No script embedded in the HTML can execute until it is put in the document. Try running this code on any page:
var html = "<script>document.body.innerHTML = '';</script>";
var div = document.createElement('div');
div.innerHTML = html;
You will notice nothing change. If the "malicious" script in the HTML was run, then the document should have vanished. So, you can use the DOM to sanitize HTML without worrying about bad JS being in the HTML. As long as you snip out the script in your sanitizer of course.
By the way, your approach is pretty safe and smarter than what most people try (parse it with regex, the poor fools). However, it's best to rely on good, trusted HTML sanitizing libraries for this, like HTML Purifier.

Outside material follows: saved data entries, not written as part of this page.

Lemma Rabs_le_of_sq a b : 0 <= b -> a ^ 2 <= b ^ 2 -> Rabs a <= b.
Proof.
  intros Hb H. rewrite <- (Rabs_pos_eq b Hb). apply Rsqr_le_abs_0.
  rewrite !Rsqr_pow2; exact H.
Qed.

Lemma Rle_of_sq a b : 0 <= a -> 0 <= b -> a ^ 2 <= b ^ 2 -> a <= b.
Proof.
  intros Ha Hb H. pose proof (Rabs_le_of_sq a b Hb H). rewrite Rabs_pos_eq in *; lra.
Qed.

Lemma norm2_sq v : norm2 v ^ 2 = fst v ^ 2 + snd v ^ 2.
Proof.
  unfold norm2. rewrite <- Rsqr_pow2. rewrite Rsqr_sqrt; [reflexivity|nra].
Qed.

Lemma norm2_ge0 v : 0 <= norm2 v.
Proof. apply sqrt_pos. Qed.

Lemma norm2_sq_gt0 v : v <> (0, 0) -> 0 < fst v ^ 2 + snd v ^ 2.
Proof.
  destruct v as [a b]; simpl; intros H.
  destruct (Req_dec a 0); [destruct (Req_dec b 0)|]; subst; [now exfalso| nra| nra].
Qed.

Lemma norm2_gt0 v : v <> (0, 0) -> 0 < norm2 v.
Proof. intros H. apply sqrt_lt_R0. now apply norm2_sq_gt0. Qed.

Lemma norm2_gt0_neq0 v : 0 < norm2 v -> v <> (0, 0).
Proof.
  intros H Z. rewrite Z in H. unfold norm2 in H. simpl in H.
  rewrite Rmult_0_l, Rplus_0_l, sqrt_0 in H. lra.
Qed.

Lemma Rabs_fst_le_norm2 v : Rabs (fst v) <= norm2 v.
Proof.
  apply Rabs_le_of_sq; [apply norm2_ge0|].
  rewrite norm2_sq. pose proof (pow2_ge_0 (snd v)). lra.
Qed.

Lemma ln_norm2 v : v <> (0, 0) -> ln (norm2 v) = ln (fst v ^ 2 + snd v ^ 2) / 2.
Proof.
  intros H. pose proof (norm2_gt0 v H). rewrite <- norm2_sq.
  simpl. rewrite Rmult_1_r, ln_mult by lra. lra.
Qed.

Lemma norm2_polar r th : 0 <= r -> norm2 (r * cos th, r * sin th) = r.
Proof.
  intros Hr. unfold norm2; cbn [fst snd].
  replace ((r * cos th) ^ 2 + (r * sin th) ^ 2) with (r ^ 2 * (sin th ^ 2 + cos th ^ 2)) by ring.
  rewrite <- !Rsqr_pow2, sin2_cos2, Rmult_1_r. apply sqrt_Rsqr; exact Hr.
Qed.

Lemma polar_coordinates v : v <> (0, 0) ->
  exists th, v = (norm2 v * cos th, norm2 v * sin th).
Proof.
  intros H. pose proof (norm2_gt0 _ H) as Hr. pose proof (norm2_sq v) as Hsq.
  destruct v as [a b]. cbn [fst snd] in Hsq. set (r := norm2 (a, b)) in *. clearbody r.
  set (u := a / r).
  assert (Hu2 : 1 - u² = (b / r)²) by (unfold u, Rsqr; field_simplify_eq; lra).
  assert (Hu : -1 <= u <= 1).
  { apply Rabs_le_between, Rabs_le_of_sq; [lra|].
    pose proof (Rle_0_sqr (b / r)). unfold Rsqr in *. lra. }
  destruct (Rle_dec 0 b) as [Hb|Hb].
  - exists (acos u).
    rewrite cos_acos, sin_acos, Hu2, sqrt_Rsqr by (auto; apply Rdiv_le_0_compat; lra).
    unfold u. f_equal; field; lra.
  - exists (- acos u). rewrite cos_neg, sin_neg, cos_acos, sin_acos, Hu2 by exact Hu.
    replace ((b / r)²) with ((- (b / r))²) by (unfold Rsqr; ring).
    rewrite sqrt_Rsqr by (unfold Rdiv; pose proof (Rinv_0_lt_compat r Hr); nra).
    unfold u. f_equal; field; lra.
Qed.
(* No measurability is needed: the integral of a nonnegative function is the
   supremum of the integrals of the simple functions below it. *)
Lemma le_ge0_integral (D : set R) (f g : R -> \bar R) :
  (forall x, D x -> 0 <= f x) -> (forall x, D x -> f x <= g x) ->
  \int[mu]_(x in D) f x <= \int[mu]_(x in D) g x.
Proof.
move=> f0 fg.
have g0 x : D x -> 0 <= g x by move=> Dx; exact: le_trans (f0 x Dx) (fg x Dx).
rewrite !ge0_integralE//; apply: ereal_sup_le => _ [h hf <-]; exists h => //= x.
apply: le_trans (hf x) _; rewrite /patch; case: ifP => // /[!inE]; exact: fg.
Qed.

Lemma le_ge0_integralZl (D : set R) (f : R -> \bar R) (k : R) : (0 < k)%R ->
  (forall x, D x -> 0 <= f x) ->
  k%:E * \int[mu]_(x in D) f x <= \int[mu]_(x in D) (k%:E * f x).
Proof.
move=> k0 f0.
have kf0 x : D x -> 0 <= k%:E * f x.
  by move=> Dx; apply: mule_ge0; [rewrite lee_fin ltW|exact: f0].
rewrite -lee_pdivlMl// ge0_integralE//; apply: ge_ereal_sup => _ [h hf <-].
rewrite lee_pdivlMl// -sintegralrM ge0_integralE//.
apply: ereal_sup_ubound; exists (scale_nnsfun h (ltW k0)) => //= x.
have := hf x; rewrite /patch; case: ifP => _ hx.
  by rewrite EFinM; apply: lee_wpmul2l => //; rewrite lee_fin ltW.
by move: hx; rewrite !lee_fin => hx; rewrite mulr_ge0_le0// ltW.
Qed.

End NonnegIntegral.
Lemma sum_perm_word (V : nmodType) n (F : seq nat -> V) :
  \sum_(s : 'S_n) F (perm_word s) = \sum_(t <- permutations (iota 0 n)) F t.
Proof.
rewrite -(big_map (@perm_word n) xpredT F); apply: perm_big; apply: uniq_perm.
- by rewrite (map_inj_uniq (@perm_word_inj n)) // index_enum_uniq.
- exact: permutations_uniq.
move=> t; rewrite mem_permutations; apply/mapP/idP => [[s _ ->] | /perm_word_surj [s <-]].
  exact: perm_word_perm_iota.
by exists s; rewrite ?mem_index_enum.
Qed.

Theorem theorem4p3 (K : numFieldType) (u beta w : K) :
  w ^+ 2 = (u + 1) ^+ 2 - 4 -> w != 0 ->
  forall n : nat,
    (\sum_(s : 'S_n) u ^+ lrda s * beta ^+ RLmin s) / (n`!)%:R =
    psmul
      (psexp (pslin (beta * (u - 1) / 2)))
      (pspowr
         (psscale w
            (psinv (psadd (psscale w (pscosh (w / 2)))
                          (psscale (- (1 + u)) (pssinh (w / 2))))))
         beta) n.
Proof.
move=> w2 w_neq0 n.
have wnum_coef0 rb b : egf (wnum u rb b) 0%N = 1 by rewrite egf_coef0 wnum0.
rewrite -(closed_form_unique w2 w_neq0 (wnum_egf_riccati u) (wnum_coef0 _ _)
                             (wnum_egf_linear u beta) (wnum_coef0 _ _)).
rewrite /egf /wnum /wperms -sum_perm_word.
by under eq_bigr do rewrite lrda_dasc RLmin_rlmin.
Qed.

Or, if you want to do it client-side, you can use ESAPI-JS (recommended by #Brett Zamir)
You can use a "sandboxed" iframe that won't execute anything.
var iframe = document.createElement('iframe');
iframe['sandbox'] = 'allow-same-origin';
From w3schools:
The sandbox attribute enables an extra set of restrictions for the
content in the iframe. When the sandbox attribute is present, and it will:
block form submission
block script execution
disable APIs
...
P.S. That's, by the way, exactly how we do it in our Html Sanitizer https://github.com/jitbit/HtmlSanitizer - we use the browser to interpret HTML and convert it to DOM. Feel free to check the code (or actually use the component)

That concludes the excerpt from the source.